State only the count of lines in the listing below that hold "topologicalType".

Start of Input for this task

Theorem theoremC (R : realType) (X : Type) (d : X -> X -> R)
  (G : Type) (gG : group_law G) (act : G -> X -> X)
  (H1 : topologicalType) (g1 : group_law H1) (rho1 : G -> H1)
  (H2 : topologicalType) (g2 : group_law H2) (rho2 : G -> H2) :
  is_metric d -> quasi_geodesic d ->
  quasi_action d gG act -> cobounded d act ->
  topological_completion d gG act g1 rho1 ->
  topological_completion d gG act g2 rho2 ->
  exists (K1 : set H1) (K2 : set H2),
    compact K1 /\ normal_subgroup g1 K1 /\
    compact K2 /\ normal_subgroup g2 K2 /\
    exists lam : quot g1 K1 -> quot g2 K2,
      quot_topgroup_iso lam /\
      (forall g, lam (qmap g1 K1 (rho1 g)) = qmap g2 K2 (rho2 g)).
Proof.
move=> _ _ _ _ c1 c2.
have cc := topological_completions_compatible c1 c2.
have cc' := compatible_completionsC cc.
exists (graph_cl_ker g2 rho1 rho2), (graph_cl_ker g1 rho2 rho1).
split; first exact: graph_cl_ker_compact cc.
split; first exact: graph_cl_ker_normal cc.
split; first exact: graph_cl_ker_compact cc'.
split; first exact: graph_cl_ker_normal cc'.
exists (graph_quot_map cc).
by split; [apply: graph_quot_map_iso | apply: graph_quot_map_rho].
Qed.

End of Input for this task

* Task result: 2